Since no candidate received a clear majority votes in electoral college, the responsibility for electing a new president devolved upon the U.S. House of Representatives, which held a contingent election on February 9, 1825. As prescribed in the 12th Amendment, the top three candidates in electoral college vote would be eligible to receive state delegation votes, and the remaining candidates would be eliminated, accordingly, Henry Clay was eliminated. Henry Clay, the Speaker of the House was highly influential. By contrast, Clay viewed Jackson as a dangerous demagogue, and he was unwilling to support Crawford due to the latter's health issues. Adams and Clay met before the contingent election, and Clay agreed to support Adams in the election. Thus, Adams was elected president on the first ballot.

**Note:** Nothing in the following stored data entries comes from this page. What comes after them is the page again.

Lemma fpow_phi_top_corner :
  fpow_phi m n k top m (n - k)%N = (-1) ^+ k * 'C(top, m - k)%:R.
Proof.
have -> : fpow_phi m n k top m (n - k)%N =
    bform (phimnk m n k) (iter top (tf m n) (basis_vec 0 k)).
  by rewrite bformC bform_iter_tf bform_basis_vecl ?subn0.
rewrite /bform (sum_homogeneous _ _ _ _
  (fun i j => iter top (tf m n) (basis_vec 0 k) (m - i)%N (n - j)%N)
  le_km le_kn (phimnk_homogeneous k)).
rewrite -(alt_bin_sumE (n - k) k) /alt_bin_sum mulr_suml; apply: eq_bigr => l _.
have le_lk : (l <= k)%N by rewrite -ltnS.
rewrite iter_tf_basis_vec0 // ifT; last by apply/and3P; split; [apply/eqP|..]; lia.
rewrite /phimnk ifT; last by apply/and4P; split; [|apply/eqP|..]; lia.
have le_mk_ml : (m - k <= m - l)%N by lia.
have bin_top : ('C(m - l, k - l) * 'C(top, m - l) = 'C(top, m - k) * 'C(n - k, k - l))%N.
  have -> : 'C(m - l, k - l) = 'C(m - l, m - k).
    by rewrite -(bin_sub le_mk_ml); congr 'C(_, _); lia.
  by rewrite mulnC (bin_mul_bin _ _ _ le_mk_ml); congr (_ * 'C(_, _))%N; lia.
rewrite -!mulrA -!natrM mulnAC bin_top; congr (_ * _%:R); ring.
Qed.

Lemma fpow_phi_top_antidiag l : (l <= k)%N ->
  fpow_phi m n k top (m - l)%N (n - k + l)%N = (-1) ^+ l * fpow_phi m n k top m (n - k)%N.
Proof.
elim: l => [|l IH] lt_lk; first by rewrite subn0 addn0 mul1r.
have := fpow_phi_eq0 _ (ltnSn top) (m - l)%N (n - k + l).+1.
rewrite fpow_phiS tfE; [|lia|lia].
rewrite ifT /=; last lia.
move/eqP; rewrite addr_eq0 => /eqP step.
rewrite (_ : m - l.+1 = (m - l).-1)%N; last lia.
by rewrite addnS step IH ?exprS; [ring | lia].
Qed.

Lemma bform_phimnk_top : bform (phimnk m n k) (fpow_phi m n k top) = (-1) ^+ k * Dmnk m n k.
Proof.
rewrite /bform (sum_homogeneous _ _ _ _ (fun i j => fpow_phi m n k top (m - i)%N (n - j)%N)
  le_km le_kn (phimnk_homogeneous k)).
transitivity (\sum_(l < k.+1) ('C(m - k + (k - l), k - l) * 'C(n - k + l, l))%:R *
                                ((-1) ^+ k * 'C(top, m - k)%:R) : rat).
  apply: eq_bigr => l _; have le_lk : (l <= k)%N by rewrite -ltnS.
  rewrite /phimnk ifT; last by apply/and4P; split; [|apply/eqP|..]; lia.
  rewrite (_ : n - (k - l) = n - k + l)%N; last lia.
  rewrite fpow_phi_top_antidiag // fpow_phi_top_corner (_ : m - k + (k - l) = m - l)%N; last lia.
  by rewrite mulrACA -exprMn mulrNN mulr1 expr1n mul1r.
rewrite -big_distrl /= -natr_sum bin_conv_sum /Dmnk.
rewrite (_ : m - k + (n - k) + k + 1 = m + n - k + 1)%N; last lia.
by rewrite natrM; ring.
Qed.

End HighestWeight.

Lemma bform_suml (I : Type) (r : seq I) (P : pred I) (x : I -> rat) (u : I -> tvec) v :
  bform (fun i j => \sum_(s <- r | P s) x s * u s i j) v =
  \sum_(s <- r | P s) x s * bform (u s) v.
Proof.
rewrite /bform; under eq_bigr do under eq_bigr do rewrite mulr_suml.
under eq_bigr do rewrite exchange_big /=.
rewrite exchange_big /=; apply: eq_bigr => s _.
rewrite mulr_sumr; apply: eq_bigr => i _.
by rewrite mulr_sumr; apply: eq_bigr => j _; rewrite mulrA.
Qed.

Lemma bform_sumr (I : Type) (r : seq I) (P : pred I) (y : I -> rat) u (v : I -> tvec) :
  bform u (fun i j => \sum_(s <- r | P s) y s * v s i j) =
  \sum_(s <- r | P s) y s * bform u (v s).
Proof. by rewrite bformC bform_suml; under eq_bigr do rewrite bformC. Qed.

Lemma bform_eq0r u v : (forall i j, v i j = 0) -> bform u v = 0.
Proof. by move=> v0; apply: big1 => i _; apply: big1 => j _; rewrite v0 mulr0. Qed.

Lemma bform_fpow_phi k k' a b : (k <= minn m n)%N -> (k' <= minn m n)%N ->
  (k + a + (k' + b) = m + n)%N ->
  bform (fpow_phi m n k a) (fpow_phi m n k' b) = (-1) ^+ k * (k == k')%:R * Dmnk m n k.
Proof.
rewrite !leq_min => /andP [le_km le_kn] /andP [le_k'm le_k'n] weight_ab.
have -> : bform (fpow_phi m n k a) (fpow_phi m n k' b) =
    bform (phimnk m n k) (fpow_phi m n k' (a + b)) by rewrite /fpow_phi bform_iter_tf iterD.
have [lt_kk'|lt_k'k|eq_kk'] := ltngtP k k'.
- rewrite mulr0 mul0r bform_eq0r // => i j.
  by apply: fpow_phi_eq0 => //; lia.
- rewrite mulr0 mul0r /fpow_phi -bform_iter_tf bformC bform_eq0r // => i j.
  by apply: fpow_phi_eq0 => //; lia.
- by subst k'; rewrite mulr1 (_ : a + b = m + n - 2 * k)%N ?bform_phimnk_top //; lia.
Qed.

End TensorProduct.

Lemma sum_cmnk_orthogonal m n k k' p :
  (k <= minn m n)%N -> (k' <= minn m n)%N ->
  (maxn k k' <= p)%N -> (p <= m + n - maxn k k')%N ->
  \sum_(i < m.+1) \sum_(j < n.+1 | (i + j == p)%N)
     cmnk m n k i j * cmnk m n k' (m - i)%N (n - j)%N
  = (-1) ^+ k * (k == k')%:R * Dmnk m n k.
Proof.
move=> le_k le_k' le_p le_p'.
rewrite -(bform_fpow_phi _ _ _ _ (p - k) (m + n - p - k') le_k le_k'); last lia.
apply: eq_bigr => i _; rewrite big_mkcond; apply: eq_bigr => j _ /=.
case: ifP => [/eqP sum_ij|/negbT ne_p].
  move: (ltn_ord i) (ltn_ord j) => lt_im lt_jn.
  by rewrite /cmnk; congr (fpow_phi _ _ _ _ _ _ * fpow_phi _ _ _ _ _ _); lia.
by rewrite fpow_phi_homogeneous ?mul0r //; lia.
Qed.

Lemma sum_CG_orthogonal m n C : is_CG m n C ->
  forall i j i' j' p : nat,
    (i <= m)%N -> (j <= n)%N -> (i' <= m)%N -> (j' <= n)%N ->
    (i + j)%N = p -> (i' + j')%N = p ->
    \sum_(k < (minn m n).+1 | (k <= p <= m + n - k)%N)
       (-1) ^+ k * C k (m - i)%N (n - j)%N * C k i' j' * Dmnk m n k
    = (i == i')%:R * (j == j')%:R.
Proof.
move=> CG i j i' j' p le_im le_jn le_i'm le_j'n sum_ij sum_i'j'.
have <- : bform m n (basis_vec (m - i) (n - j)) (basis_vec i' j') = (i == i')%:R * (j == j')%:R.
  by rewrite bform_basis_vecl ?leq_subr // !subKn // /basis_vec -mulnb natrM.
pose P (q k : nat) := (k <= q <= m + n - k)%N.
rewrite (eq_bform _ _ _
  (fun a b => \sum_(k < (minn m n).+1 | P (m - i + (n - j))%N k)
     C k (m - i)%N (n - j)%N * fpow_phi m n k (m - i + (n - j) - k) a b) _
  (fun a b => \sum_(k < (minn m n).+1 | P (i' + j')%N k)
     C k i' j' * fpow_phi m n k (i' + j' - k) a b));
  last 2 first.
- by move=> a b le_am le_bn; apply: CG; rewrite ?leq_subr.
- by move=> a b le_am le_bn; apply: CG.
rewrite bform_suml; apply: eq_big => [k|k]; rewrite /P.
  by apply/idP/idP => /andP [? ?]; apply/andP; split; lia.
move=> /andP [le_kp le_pk]; have le_k := ltn_ord k; rewrite ltnS in le_k.
rewrite bform_sumr (bigD1 k) /=; last by rewrite /P; apply/andP; split; lia.
rewrite big1 ?addr0 => [|k' /andP [/andP [le_k'_ij _] ne_k'k]].
  by rewrite bform_fpow_phi ?eqxx //= ?mulr1n; [ring | lia].
have le_k' : (k' <= minn m n)%N by rewrite -ltnS.
rewrite bform_fpow_phi //; last lia.
case: eqP => [/val_inj eq_kk'|_]; last by rewrite mulr0 mul0r mulr0.
by rewrite eq_kk' eqxx in ne_k'k.
Qed.

Theorem corollary4p11 (m n : nat) :
  (forall k k' p : nat,
     (k <= minn m n)%N -> (k' <= minn m n)%N ->
     (maxn k k' <= p)%N -> (p <= m + n - maxn k k')%N ->
     \sum_(i < m.+1) \sum_(j < n.+1 | (i + j == p)%N)
        cmnk m n k i j * cmnk m n k' (m - i)%N (n - j)%N
     = (-1) ^+ k * (k == k')%:R * Dmnk m n k)
  /\
  (forall C : nat -> nat -> nat -> rat, is_CG m n C ->
   forall i j i' j' p : nat,
     (i <= m)%N -> (j <= n)%N -> (i' <= m)%N -> (j' <= n)%N ->
     (i + j)%N = p -> (i' + j')%N = p ->
     \sum_(k < (minn m n).+1 | (k <= p <= m + n - k)%N)
        (-1) ^+ k * C k (m - i)%N (n - j)%N * C k i' j' * Dmnk m n k
     = (i == i')%:R * (j == j')%:R).
Proof.
split; [exact: sum_cmnk_orthogonal | exact: sum_CG_orthogonal].
Qed.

1825 contingent presidential election vote distribution
| States for Adams | States for Jackson | States for Crawford |
| Connecticut; Illinois; Kentucky; Louisiana; Maine; Maryland; Massachusetts; Missouri; New Hampshire; New York; Ohio; Rhode Island; Vermont; | Alabama; Indiana; Mississippi; New Jersey; Pennsylvania; South Carolina; Tennessee; | Delaware; Georgia; North Carolina; Virginia; |
| Total: 13 (54%) | Total: 7 (29%) | Total: 4 (17%) |

=== 1828 ===

Electoral college map for the 1828 United States presidential election.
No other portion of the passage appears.